##### Exercise inputs

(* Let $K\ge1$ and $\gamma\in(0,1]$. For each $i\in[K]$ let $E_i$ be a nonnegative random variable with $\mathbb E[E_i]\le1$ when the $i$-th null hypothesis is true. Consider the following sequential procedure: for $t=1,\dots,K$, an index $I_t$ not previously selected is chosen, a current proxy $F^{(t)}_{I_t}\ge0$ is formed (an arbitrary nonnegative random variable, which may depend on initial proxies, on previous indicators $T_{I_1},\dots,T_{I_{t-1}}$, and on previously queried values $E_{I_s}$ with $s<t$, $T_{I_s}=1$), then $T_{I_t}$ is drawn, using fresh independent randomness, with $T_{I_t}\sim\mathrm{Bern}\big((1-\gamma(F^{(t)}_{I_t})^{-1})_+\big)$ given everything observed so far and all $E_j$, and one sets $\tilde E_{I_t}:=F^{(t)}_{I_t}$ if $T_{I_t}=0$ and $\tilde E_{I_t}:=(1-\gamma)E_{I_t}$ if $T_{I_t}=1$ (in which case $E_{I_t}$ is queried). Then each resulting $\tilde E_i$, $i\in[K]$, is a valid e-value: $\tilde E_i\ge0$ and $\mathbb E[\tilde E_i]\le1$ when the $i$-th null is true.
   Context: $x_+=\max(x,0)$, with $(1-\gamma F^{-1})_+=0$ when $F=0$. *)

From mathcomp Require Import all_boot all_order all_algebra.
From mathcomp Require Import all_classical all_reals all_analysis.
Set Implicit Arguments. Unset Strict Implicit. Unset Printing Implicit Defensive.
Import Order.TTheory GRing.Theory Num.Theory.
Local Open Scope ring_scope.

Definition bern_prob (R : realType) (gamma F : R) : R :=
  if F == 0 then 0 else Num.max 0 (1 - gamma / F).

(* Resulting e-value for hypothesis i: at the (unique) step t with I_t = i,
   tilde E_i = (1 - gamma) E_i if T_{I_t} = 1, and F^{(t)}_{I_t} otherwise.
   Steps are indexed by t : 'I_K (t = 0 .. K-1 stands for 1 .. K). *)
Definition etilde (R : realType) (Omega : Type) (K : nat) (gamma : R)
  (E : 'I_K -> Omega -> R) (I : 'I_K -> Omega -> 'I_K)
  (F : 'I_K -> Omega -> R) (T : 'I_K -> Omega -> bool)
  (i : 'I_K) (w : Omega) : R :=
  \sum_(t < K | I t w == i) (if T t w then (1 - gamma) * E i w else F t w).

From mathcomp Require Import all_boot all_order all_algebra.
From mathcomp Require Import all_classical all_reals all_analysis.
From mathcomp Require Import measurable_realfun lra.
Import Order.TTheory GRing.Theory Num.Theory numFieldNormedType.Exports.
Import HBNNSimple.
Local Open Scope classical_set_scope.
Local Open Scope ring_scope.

##########
##### Exercise inputs

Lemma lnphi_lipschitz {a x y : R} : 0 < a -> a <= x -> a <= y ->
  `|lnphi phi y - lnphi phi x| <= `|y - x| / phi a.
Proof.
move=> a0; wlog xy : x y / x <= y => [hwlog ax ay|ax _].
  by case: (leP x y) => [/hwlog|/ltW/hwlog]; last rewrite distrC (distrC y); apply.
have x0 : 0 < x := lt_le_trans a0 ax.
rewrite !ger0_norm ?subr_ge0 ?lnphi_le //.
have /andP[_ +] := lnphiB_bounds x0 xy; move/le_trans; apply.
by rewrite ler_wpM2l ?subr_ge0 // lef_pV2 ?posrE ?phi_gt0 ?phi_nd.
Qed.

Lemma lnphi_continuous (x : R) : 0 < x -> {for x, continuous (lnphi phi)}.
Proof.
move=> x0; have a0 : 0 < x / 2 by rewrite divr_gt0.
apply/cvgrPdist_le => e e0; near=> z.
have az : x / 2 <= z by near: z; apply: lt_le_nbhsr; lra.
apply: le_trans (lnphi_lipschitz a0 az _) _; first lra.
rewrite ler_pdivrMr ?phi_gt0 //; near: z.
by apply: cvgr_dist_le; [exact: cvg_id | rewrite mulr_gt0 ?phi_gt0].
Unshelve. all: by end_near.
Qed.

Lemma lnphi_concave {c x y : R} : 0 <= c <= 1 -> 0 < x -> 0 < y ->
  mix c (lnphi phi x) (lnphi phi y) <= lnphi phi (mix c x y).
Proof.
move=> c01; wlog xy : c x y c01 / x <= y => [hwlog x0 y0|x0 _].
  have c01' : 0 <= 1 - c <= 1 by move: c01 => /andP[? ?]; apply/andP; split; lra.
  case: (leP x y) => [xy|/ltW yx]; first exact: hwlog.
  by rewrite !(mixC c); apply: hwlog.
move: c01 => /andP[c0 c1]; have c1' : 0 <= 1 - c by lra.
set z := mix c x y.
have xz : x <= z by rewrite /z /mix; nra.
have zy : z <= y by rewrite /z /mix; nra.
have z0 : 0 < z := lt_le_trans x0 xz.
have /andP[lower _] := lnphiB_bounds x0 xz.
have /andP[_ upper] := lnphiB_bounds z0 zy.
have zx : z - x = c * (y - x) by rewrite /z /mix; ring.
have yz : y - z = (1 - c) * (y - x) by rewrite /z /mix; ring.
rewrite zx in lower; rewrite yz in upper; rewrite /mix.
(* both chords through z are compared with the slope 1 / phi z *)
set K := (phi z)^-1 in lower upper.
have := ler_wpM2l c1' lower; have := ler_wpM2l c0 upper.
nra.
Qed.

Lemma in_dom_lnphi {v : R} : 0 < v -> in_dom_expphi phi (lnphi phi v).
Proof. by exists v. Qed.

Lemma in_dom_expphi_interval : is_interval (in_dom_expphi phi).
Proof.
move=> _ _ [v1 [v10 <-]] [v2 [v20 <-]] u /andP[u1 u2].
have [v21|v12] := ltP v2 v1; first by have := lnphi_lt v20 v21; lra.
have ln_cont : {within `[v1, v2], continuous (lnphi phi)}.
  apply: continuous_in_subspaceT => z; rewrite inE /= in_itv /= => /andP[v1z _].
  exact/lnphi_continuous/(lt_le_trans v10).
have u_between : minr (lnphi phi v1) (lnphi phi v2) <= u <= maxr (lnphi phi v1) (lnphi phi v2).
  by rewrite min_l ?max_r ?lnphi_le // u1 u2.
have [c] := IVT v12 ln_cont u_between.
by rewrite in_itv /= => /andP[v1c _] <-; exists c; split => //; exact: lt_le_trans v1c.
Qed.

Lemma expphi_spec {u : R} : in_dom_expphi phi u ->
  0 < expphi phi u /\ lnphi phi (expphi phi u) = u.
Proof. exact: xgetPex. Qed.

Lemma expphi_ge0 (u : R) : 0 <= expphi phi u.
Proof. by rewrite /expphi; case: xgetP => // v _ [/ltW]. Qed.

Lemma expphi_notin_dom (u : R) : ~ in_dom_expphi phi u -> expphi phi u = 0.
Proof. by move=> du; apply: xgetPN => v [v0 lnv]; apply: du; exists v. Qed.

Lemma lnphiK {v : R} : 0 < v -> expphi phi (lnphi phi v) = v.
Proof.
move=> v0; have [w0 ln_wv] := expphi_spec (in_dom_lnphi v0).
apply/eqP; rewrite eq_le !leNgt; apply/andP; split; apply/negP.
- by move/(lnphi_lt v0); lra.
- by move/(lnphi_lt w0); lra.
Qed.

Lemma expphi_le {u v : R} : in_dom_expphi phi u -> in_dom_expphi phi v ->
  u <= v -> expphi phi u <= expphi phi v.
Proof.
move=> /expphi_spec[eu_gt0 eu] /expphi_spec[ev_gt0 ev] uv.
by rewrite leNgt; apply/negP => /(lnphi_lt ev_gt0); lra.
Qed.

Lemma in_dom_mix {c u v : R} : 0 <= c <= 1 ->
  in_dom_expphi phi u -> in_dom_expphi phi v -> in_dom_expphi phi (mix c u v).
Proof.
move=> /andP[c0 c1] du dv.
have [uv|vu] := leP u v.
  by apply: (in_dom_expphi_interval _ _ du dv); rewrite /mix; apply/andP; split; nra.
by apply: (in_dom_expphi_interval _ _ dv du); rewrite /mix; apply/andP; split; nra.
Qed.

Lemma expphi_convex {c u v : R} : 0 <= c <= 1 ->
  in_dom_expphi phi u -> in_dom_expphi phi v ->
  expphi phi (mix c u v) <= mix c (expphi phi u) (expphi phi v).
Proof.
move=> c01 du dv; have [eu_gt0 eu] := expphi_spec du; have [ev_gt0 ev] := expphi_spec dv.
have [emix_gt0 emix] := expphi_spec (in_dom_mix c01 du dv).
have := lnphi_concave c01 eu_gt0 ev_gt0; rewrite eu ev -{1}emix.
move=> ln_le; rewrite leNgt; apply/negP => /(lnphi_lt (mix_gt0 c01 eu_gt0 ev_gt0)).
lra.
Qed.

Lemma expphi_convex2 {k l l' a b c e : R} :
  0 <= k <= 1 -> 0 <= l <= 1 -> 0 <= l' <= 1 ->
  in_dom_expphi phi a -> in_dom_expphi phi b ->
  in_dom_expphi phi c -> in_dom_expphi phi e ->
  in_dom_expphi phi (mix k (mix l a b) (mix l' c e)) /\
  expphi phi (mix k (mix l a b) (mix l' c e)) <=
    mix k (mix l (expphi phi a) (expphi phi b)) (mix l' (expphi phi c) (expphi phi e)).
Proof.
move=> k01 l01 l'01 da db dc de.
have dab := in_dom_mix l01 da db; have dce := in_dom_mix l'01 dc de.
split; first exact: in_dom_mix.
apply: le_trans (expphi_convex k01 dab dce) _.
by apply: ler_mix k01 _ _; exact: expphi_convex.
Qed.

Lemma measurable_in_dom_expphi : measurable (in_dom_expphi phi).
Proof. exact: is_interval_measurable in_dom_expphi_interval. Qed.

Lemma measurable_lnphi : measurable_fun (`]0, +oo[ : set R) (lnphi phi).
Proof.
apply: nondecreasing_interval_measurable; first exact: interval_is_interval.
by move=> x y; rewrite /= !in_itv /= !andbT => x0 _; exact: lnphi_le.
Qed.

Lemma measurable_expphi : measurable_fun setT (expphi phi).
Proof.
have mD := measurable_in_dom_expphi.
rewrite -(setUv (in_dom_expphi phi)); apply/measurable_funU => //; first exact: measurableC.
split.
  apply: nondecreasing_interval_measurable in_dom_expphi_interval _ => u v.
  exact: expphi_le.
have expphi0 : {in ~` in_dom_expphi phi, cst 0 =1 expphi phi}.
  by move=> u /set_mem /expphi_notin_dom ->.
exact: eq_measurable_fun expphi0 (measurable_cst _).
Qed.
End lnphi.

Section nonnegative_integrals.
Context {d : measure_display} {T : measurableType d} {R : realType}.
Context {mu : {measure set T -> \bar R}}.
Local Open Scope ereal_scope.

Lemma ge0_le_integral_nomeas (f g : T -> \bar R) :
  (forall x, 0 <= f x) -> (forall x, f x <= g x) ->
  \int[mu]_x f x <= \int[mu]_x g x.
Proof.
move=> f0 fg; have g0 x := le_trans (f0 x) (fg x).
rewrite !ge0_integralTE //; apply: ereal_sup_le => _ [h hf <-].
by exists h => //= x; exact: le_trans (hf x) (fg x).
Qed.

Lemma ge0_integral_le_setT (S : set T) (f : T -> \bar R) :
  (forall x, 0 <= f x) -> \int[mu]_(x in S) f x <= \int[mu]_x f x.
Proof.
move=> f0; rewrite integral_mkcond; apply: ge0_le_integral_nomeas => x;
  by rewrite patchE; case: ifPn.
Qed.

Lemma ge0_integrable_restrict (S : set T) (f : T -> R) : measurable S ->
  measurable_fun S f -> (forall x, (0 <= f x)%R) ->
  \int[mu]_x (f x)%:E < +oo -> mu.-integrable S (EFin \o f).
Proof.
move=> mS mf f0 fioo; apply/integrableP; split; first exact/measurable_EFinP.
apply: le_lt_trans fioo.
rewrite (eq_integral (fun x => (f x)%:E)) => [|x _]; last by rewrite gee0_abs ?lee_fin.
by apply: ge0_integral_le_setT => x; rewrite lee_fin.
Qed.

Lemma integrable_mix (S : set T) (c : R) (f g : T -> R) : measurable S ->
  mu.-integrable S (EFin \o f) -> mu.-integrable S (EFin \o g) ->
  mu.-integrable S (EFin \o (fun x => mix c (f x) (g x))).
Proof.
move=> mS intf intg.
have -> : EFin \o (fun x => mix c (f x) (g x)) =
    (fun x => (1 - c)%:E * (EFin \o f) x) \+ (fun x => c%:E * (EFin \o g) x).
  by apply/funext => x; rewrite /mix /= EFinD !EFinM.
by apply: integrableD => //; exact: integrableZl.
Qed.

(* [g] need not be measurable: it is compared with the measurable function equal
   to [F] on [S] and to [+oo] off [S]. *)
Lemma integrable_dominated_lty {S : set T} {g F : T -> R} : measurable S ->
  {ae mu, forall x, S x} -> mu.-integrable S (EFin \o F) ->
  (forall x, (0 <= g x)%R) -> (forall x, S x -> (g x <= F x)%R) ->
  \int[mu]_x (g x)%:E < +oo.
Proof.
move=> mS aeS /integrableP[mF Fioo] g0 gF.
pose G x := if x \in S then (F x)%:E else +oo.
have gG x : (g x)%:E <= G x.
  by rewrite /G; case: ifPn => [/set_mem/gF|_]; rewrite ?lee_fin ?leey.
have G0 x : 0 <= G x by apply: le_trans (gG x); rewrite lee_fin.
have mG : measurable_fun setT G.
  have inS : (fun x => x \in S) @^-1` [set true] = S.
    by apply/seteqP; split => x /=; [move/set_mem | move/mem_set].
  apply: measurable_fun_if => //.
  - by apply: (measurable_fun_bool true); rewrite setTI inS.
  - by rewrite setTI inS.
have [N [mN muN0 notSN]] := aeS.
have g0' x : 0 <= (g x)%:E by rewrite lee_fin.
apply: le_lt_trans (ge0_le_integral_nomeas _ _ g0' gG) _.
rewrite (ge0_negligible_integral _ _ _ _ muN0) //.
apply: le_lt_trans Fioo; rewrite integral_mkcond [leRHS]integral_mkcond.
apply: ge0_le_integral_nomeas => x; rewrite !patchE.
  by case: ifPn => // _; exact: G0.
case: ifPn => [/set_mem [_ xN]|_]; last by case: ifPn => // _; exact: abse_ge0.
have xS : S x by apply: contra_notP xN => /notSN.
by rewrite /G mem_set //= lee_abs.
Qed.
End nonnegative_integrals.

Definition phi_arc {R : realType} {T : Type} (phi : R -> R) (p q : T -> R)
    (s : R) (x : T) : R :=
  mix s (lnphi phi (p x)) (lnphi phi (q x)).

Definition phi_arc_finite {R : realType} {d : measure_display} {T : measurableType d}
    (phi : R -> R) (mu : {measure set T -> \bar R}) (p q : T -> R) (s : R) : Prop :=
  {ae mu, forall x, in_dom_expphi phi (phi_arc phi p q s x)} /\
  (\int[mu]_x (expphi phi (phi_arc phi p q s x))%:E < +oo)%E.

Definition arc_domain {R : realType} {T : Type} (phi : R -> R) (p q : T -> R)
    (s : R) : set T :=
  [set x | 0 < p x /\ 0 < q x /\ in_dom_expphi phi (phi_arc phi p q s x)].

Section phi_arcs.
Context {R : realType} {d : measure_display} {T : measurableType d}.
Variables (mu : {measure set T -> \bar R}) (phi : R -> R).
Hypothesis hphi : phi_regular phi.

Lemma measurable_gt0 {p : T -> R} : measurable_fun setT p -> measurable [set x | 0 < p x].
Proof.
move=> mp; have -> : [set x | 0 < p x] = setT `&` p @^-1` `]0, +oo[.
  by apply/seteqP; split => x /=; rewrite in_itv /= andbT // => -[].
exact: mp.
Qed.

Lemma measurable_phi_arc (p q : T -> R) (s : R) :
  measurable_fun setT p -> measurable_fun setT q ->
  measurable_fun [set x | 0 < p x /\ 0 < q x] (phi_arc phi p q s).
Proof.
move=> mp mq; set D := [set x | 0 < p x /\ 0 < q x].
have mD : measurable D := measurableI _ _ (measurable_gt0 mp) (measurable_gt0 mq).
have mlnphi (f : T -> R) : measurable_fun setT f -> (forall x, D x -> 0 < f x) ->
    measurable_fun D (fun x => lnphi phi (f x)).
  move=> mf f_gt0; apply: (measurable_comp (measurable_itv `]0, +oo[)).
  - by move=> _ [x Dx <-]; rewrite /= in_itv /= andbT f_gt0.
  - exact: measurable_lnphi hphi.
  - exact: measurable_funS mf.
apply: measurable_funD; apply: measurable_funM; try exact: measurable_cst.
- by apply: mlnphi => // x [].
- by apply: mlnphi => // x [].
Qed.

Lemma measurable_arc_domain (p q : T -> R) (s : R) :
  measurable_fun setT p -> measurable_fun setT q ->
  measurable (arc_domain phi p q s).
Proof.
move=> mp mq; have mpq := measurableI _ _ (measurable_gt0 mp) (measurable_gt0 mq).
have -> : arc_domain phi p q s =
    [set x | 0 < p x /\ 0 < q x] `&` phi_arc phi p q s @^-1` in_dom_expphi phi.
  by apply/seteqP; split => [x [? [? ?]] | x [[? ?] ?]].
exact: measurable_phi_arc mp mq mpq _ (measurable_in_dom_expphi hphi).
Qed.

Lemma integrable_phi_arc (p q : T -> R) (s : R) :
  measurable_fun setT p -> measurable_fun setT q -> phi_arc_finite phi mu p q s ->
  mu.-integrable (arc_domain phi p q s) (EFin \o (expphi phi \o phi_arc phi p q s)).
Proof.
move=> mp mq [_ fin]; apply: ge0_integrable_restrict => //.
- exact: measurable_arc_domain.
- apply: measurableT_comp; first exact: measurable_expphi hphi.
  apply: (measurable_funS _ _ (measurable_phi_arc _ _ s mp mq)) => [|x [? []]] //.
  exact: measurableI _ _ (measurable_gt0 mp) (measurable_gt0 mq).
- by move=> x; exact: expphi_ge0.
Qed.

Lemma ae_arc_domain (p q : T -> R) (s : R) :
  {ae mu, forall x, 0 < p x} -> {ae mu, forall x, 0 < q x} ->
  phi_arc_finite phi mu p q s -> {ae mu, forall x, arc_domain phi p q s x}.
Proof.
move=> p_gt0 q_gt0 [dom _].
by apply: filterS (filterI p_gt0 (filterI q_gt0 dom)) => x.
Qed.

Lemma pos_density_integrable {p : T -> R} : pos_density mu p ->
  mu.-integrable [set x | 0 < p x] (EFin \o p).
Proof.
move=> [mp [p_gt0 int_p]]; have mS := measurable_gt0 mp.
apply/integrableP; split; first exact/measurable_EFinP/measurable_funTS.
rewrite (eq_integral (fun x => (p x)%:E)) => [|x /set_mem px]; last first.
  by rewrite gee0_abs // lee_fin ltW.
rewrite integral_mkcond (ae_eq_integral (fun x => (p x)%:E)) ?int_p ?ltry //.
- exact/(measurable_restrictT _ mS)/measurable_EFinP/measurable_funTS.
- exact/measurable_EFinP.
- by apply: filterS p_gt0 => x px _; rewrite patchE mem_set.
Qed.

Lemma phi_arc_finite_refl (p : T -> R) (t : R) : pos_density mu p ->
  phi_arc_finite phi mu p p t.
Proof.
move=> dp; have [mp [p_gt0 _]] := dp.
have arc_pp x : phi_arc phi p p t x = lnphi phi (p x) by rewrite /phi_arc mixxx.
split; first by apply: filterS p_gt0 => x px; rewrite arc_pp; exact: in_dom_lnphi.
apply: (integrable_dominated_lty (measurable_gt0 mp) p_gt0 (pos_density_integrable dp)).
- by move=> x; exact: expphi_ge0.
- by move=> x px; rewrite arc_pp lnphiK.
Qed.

##########

For this exercise, please output exactly the lines above starting at the line with "Section nonnegative_integrals." and ending at the line with "apply: le_lt_trans fioo.", ends included.

Section nonnegative_integrals.
Context {d : measure_display} {T : measurableType d} {R : realType}.
Context {mu : {measure set T -> \bar R}}.
Local Open Scope ereal_scope.

Lemma ge0_le_integral_nomeas (f g : T -> \bar R) :
  (forall x, 0 <= f x) -> (forall x, f x <= g x) ->
  \int[mu]_x f x <= \int[mu]_x g x.
Proof.
move=> f0 fg; have g0 x := le_trans (f0 x) (fg x).
rewrite !ge0_integralTE //; apply: ereal_sup_le => _ [h hf <-].
by exists h => //= x; exact: le_trans (hf x) (fg x).
Qed.

Lemma ge0_integral_le_setT (S : set T) (f : T -> \bar R) :
  (forall x, 0 <= f x) -> \int[mu]_(x in S) f x <= \int[mu]_x f x.
Proof.
move=> f0; rewrite integral_mkcond; apply: ge0_le_integral_nomeas => x;
  by rewrite patchE; case: ifPn.
Qed.

Lemma ge0_integrable_restrict (S : set T) (f : T -> R) : measurable S ->
  measurable_fun S f -> (forall x, (0 <= f x)%R) ->
  \int[mu]_x (f x)%:E < +oo -> mu.-integrable S (EFin \o f).
Proof.
move=> mS mf f0 fioo; apply/integrableP; split; first exact/measurable_EFinP.
apply: le_lt_trans fioo.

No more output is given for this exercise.